Monday, July 06, 2009

Twitter Basics

Social Media can be a mysterious and intimidating space for many of us. These thoughts are intended for the user that is new to, or contemplating, more activity with Twitter and Facebook.

Twitter 'tweets' and Facebook 'status updates' have the highest potential to fall flat, in my opinion. What do my virtual fellow-travelers and followers really care to hear? After watching Twouble with Twitters, I felt even less inclined to hop in the game and start sharing... This vid is hilarious, but points to the many pitfalls of twitter use (or abuse, depending on how you look at it).

I am relatively new to the twitter game. I have had an account for a couple months now. The first thing I did when I set up my account was to sit back and ask, now what? What does the twittersphere care about? Then, an SEO collegue broke it down for me... when it comes to the social network, consider this progression:

1) Listen
2) Participate
3) Lead

After seeing the light with this simple 3 step program, I searched around twitter for interesting people and organizations to 'follow'. I observed what they shared. What was valuable? What was annoying? I took lots of mental notes.

More and more, I have started throwing some tweets/updates out there (in fact with TweetDeck, I can make one comment and have it syndicate to twitter and facebook! More to come on useful tools surrounding the social media world in coming posts.).

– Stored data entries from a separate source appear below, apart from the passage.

(* Let $G$ be a $q$-cut-dense graph of order $n$. For any $U\subseteq V(G)$ with $|U|\le qn/8$, the graph $G\setminus U$ is $q/2$-cut-dense.
   Context: A graph $G$ is $q$-cut-dense if for every partition $V(G)=A\cup B$ into disjoint sets, $e_G(A,B)\ge q|A||B|$, where $e_G(A,B)$ is the number of edges of $G$ with one endpoint in $A$ and the other in $B$. $G\setminus U$ denotes $G$ with the vertices of $U$ deleted. *)

From HB Require Import structures.
From mathcomp Require Import all_boot all_order all_algebra.
Set Implicit Arguments. Unset Strict Implicit. Unset Printing Implicit Defensive.
Import Order.TTheory GRing.Theory Num.Theory.
Local Open Scope ring_scope.

Definition simple_graph (T : finType) (e : rel T) : Prop :=
  symmetric e /\ irreflexive e.

(* e_G(A,B): number of edges with one endpoint in A and the other in B
   (for disjoint A, B each such edge corresponds to exactly one pair (a,b)
   with a in A, b in B). *)
Definition e_between (T : finType) (e : rel T) (A B : {set T}) : nat :=
  #|[set p : T * T | [&& p.1 \in A, p.2 \in B & e p.1 p.2]]|.

(* The induced subgraph G[S] is q-cut-dense: for every partition S = A ∪ B
   into disjoint sets, e(A,B) >= q |A| |B|. *)
Definition cut_dense_on (R : realFieldType) (T : finType) (e : rel T) (q : R)
    (S : {set T}) : Prop :=
  forall A B : {set T}, A :|: B = S -> [disjoint A & B] ->
    q * #|A|%:R * #|B|%:R <= (e_between e A B)%:R.

Definition cut_dense (R : realFieldType) (T : finType) (e : rel T) (q : R) : Prop :=
  cut_dense_on e q [set: T].

From mathcomp Require Import all_boot all_order all_algebra.
From mathcomp Require Import lra.
Set Implicit Arguments. Unset Strict Implicit. Unset Printing Implicit Defensive.
Import Order.TTheory GRing.Theory Num.Theory.
Local Open Scope ring_scope.

(* Let A ∪ B be a partition of V(G) \ U with |A| <= |B|. Applying cut-density of
   G to the partition A ∪ (B ∪ U) of V(G) and discarding the at most |A||U| edges
   between A and U gives e(A,B) >= q|A||B| - (1 - q)|A||U|. Since |A| <= |B| and
   |U| <= qn/8, we have n <= 2|B| + |U|, which forces (1 - q)|U| <= q|B|/2, so
   e(A,B) >= (q/2)|A||B|. *)

Lemma cardsU_disjoint (T : finType) (A B : {set T}) :
  [disjoint A & B] -> #|A :|: B| = (#|A| + #|B|)%N.
Proof. by move=> AB_dis; apply/eqP; rewrite (leq_card_setU A B). Qed.

Section EdgeCount.

Variables (T : finType) (e : rel T).

Lemma e_betweenUr (A B C : {set T}) :
  (e_between e A (B :|: C) <= e_between e A B + e_between e A C)%N.
Proof.
rewrite /e_between; apply: leq_trans (leq_card_setU _ _).
apply: subset_leq_card; apply/subsetP => p; rewrite !inE.
by case/and3P=> -> /orP[] -> ->; rewrite ?orbT.
Qed.

Lemma e_between_leq_mul (A B : {set T}) : (e_between e A B <= #|A| * #|B|)%N.
Proof.
rewrite -cardsX; apply: subset_leq_card; apply/subsetP => p; rewrite !inE.
by case/and3P=> -> ->.
Qed.

Lemma e_betweenC (A B : {set T}) :
  symmetric e -> e_between e A B = e_between e B A.
Proof.
move=> e_sym; rewrite /e_between.
have swap_inj : injective (fun p : T * T => (p.2, p.1)) by move=> [? ?] [? ?] [-> ->].
rewrite -(card_imset _ swap_inj); apply: eq_card => -[x y]; rewrite !inE /=.
apply/imsetP/and3P => [[[x' y']] | [Ax By exy]].
  by rewrite !inE /= e_sym => /and3P[? ? ?] [-> ->].
by exists (y, x); rewrite // !inE /= e_sym Ax By exy.
Qed.

End EdgeCount.

Section CutDense.

Variables (R : realFieldType) (T : finType) (e : rel T).

Lemma cut_dense_on_le0 (q : R) (S : {set T}) : q <= 0 -> cut_dense_on e q S.
Proof.
move=> q_le0 A B _ _; apply: le_trans (ler0n _ _).
by rewrite -mulrA mulr_le0_ge0 // mulr_ge0.
Qed.

Lemma cut_dense_on_sym (q : R) (S : {set T}) :
  symmetric e ->
  (forall A B : {set T}, A :|: B = S -> [disjoint A & B] -> (#|A| <= #|B|)%N ->
     q * #|A|%:R * #|B|%:R <= (e_between e A B)%:R) ->
  cut_dense_on e q S.
Proof.
move=> e_sym small_side A B AB_S AB_dis.
have [|/ltnW BA] := leqP #|A| #|B|; first exact: small_side.
rewrite e_betweenC // mulrAC.
by apply: small_side; rewrite // 1?setUC // disjoint_sym.
Qed.

Lemma card_partition_setC (A B U : {set T}) :
  A :|: B = ~: U -> [disjoint A & B] -> (#|A| + #|B| + #|U| = #|T|)%N.
Proof.
move=> AB_U AB_dis.
by rewrite -(cardsC U) -AB_U (cardsU_disjoint AB_dis) addnC.
Qed.

Lemma cut_dense_setC_lower_bound (q : R) (A B U : {set T}) :
  cut_dense e q -> A :|: B = ~: U -> [disjoint A & B] ->
  q * #|A|%:R * (#|B|%:R + #|U|%:R) <= (e_between e A B)%:R + #|A|%:R * #|U|%:R.
Proof.
move=> dense AB_U AB_dis.
have BU_dis : [disjoint B & U] by rewrite disjoints_subset -AB_U subsetUr.
have A_BU_dis : [disjoint A & B :|: U].
  by rewrite disjoints_subset setCU subsetI -disjoints_subset AB_dis -AB_U subsetUl.
have A_BU_T : A :|: (B :|: U) = [set: T] by rewrite setUA AB_U setUC setUCr.
have := dense _ _ A_BU_T A_BU_dis.
rewrite (cardsU_disjoint BU_dis) natrD => /le_trans; apply.
rewrite -natrM -natrD ler_nat.
apply: leq_trans (e_betweenUr _ _ _ _) _.
by rewrite leq_add2l e_between_leq_mul.
Qed.

End CutDense.

Lemma cut_density_deletion_ineq (R : realFieldType) (q a b u x : R) :
  0 <= q -> 0 <= a <= b -> 0 <= u -> u <= q * (a + b + u) / 8 ->
  q * a * (b + u) <= x + a * u -> q / 2 * a * b <= x.
Proof.
move=> q_ge0 /andP[a_ge0 ab] u_ge0 u_small bound.
have u_mass : u * (1 - q) <= q * b / 2.
  have [q_le1 | q_gt1] := lerP q 1; last by nra.
  have : 0 <= q * (b - a) by apply: mulr_ge0; lra.
  have : 0 <= (1 - q) * u by apply: mulr_ge0; lra.
  nra.
have : 0 <= a * (q * b / 2 - u * (1 - q)) by apply: mulr_ge0; lra.
lra.
Qed.

Theorem lemma3p7 (R : realFieldType) (T : finType) (e : rel T) (q : R) :
  simple_graph e -> cut_dense e q ->
  forall U : {set T}, #|U|%:R <= q * #|T|%:R / 8 ->
    cut_dense_on e (q / 2) (~: U).
Proof.
move=> [e_sym _] dense U U_small.
have [q_ge0 | q_lt0] := lerP 0 q; last by apply: cut_dense_on_le0; lra.
apply: cut_dense_on_sym => // A B AB_U AB_dis AB.
move: U_small; rewrite -(card_partition_setC AB_U AB_dis) !natrD => U_small.
apply: cut_density_deletion_ineq q_ge0 _ (ler0n _ _) U_small
  (cut_dense_setC_lower_bound dense AB_U AB_dis).
by rewrite ler0n ler_nat.
Qed.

I then observe some more. What garnered responses? Were they desirable? Some things I learned...
  • Its easy to recommend a good restaurant, painter, mechanic or brewpub. If you have a good experience, throw it out there.
  • The flip side is true as well. If you are in need of a good resource or tip, ask your followers. As your list of followers grows, its amazing what responses will come back.
  • Take a stand. Share your thoughts on current events. Let your people know position on issues.
  • Pictures. They say a 1,000 words.
Some suggestions on what not to share...
  • Don't tell people you are out of town. Its a great way to make yourself a victim of a home break-in. And if that sounds like useless paranoia, another reason not to promote your time away from home is that it reminds the rest of us that we are not on vacation.
  • Avoid commenting on only yourself. Its a big world out there.

In time, you'll likely find a topic or general approach that seems to work well for you. Depending on whether your twitter account is personal or business/non-profit/subject-matter specific, the topic may be focused or broad.

The key is variety of content and steady contributions. Social networking is about participation... You must give and not just take.